++++ Data records

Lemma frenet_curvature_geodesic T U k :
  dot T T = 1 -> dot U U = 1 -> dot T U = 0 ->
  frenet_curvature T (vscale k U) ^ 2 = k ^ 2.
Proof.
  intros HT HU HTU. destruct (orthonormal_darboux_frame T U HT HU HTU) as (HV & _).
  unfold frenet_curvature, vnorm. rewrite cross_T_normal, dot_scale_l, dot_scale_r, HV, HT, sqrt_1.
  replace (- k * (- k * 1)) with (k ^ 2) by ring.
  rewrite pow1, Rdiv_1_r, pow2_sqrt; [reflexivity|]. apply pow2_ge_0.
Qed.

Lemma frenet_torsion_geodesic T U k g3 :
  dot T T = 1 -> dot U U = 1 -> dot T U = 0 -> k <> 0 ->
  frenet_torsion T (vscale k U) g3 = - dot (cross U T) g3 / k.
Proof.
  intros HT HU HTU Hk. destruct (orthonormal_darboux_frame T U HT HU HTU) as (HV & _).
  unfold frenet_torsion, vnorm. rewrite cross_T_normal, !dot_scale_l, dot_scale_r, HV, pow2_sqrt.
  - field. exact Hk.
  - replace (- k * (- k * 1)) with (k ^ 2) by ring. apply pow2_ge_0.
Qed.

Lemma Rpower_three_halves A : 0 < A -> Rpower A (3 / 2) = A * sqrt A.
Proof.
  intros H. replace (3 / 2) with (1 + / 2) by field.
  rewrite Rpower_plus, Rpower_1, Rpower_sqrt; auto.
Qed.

++++++++

Each line from the one containing "dot T U = 0 -> k" through the final line of the listing above should be returned exactly; return nothing else.

  dot T T = 1 -> dot U U = 1 -> dot T U = 0 -> k <> 0 ->
  frenet_torsion T (vscale k U) g3 = - dot (cross U T) g3 / k.
Proof.
  intros HT HU HTU Hk. destruct (orthonormal_darboux_frame T U HT HU HTU) as (HV & _).
  unfold frenet_torsion, vnorm. rewrite cross_T_normal, !dot_scale_l, dot_scale_r, HV, pow2_sqrt.
  - field. exact Hk.
  - replace (- k * (- k * 1)) with (k ^ 2) by ring. apply pow2_ge_0.
Qed.

Lemma Rpower_three_halves A : 0 < A -> Rpower A (3 / 2) = A * sqrt A.
Proof.
  intros H. replace (3 / 2) with (1 + / 2) by field.
  rewrite Rpower_plus, Rpower_1, Rpower_sqrt; auto.
Qed.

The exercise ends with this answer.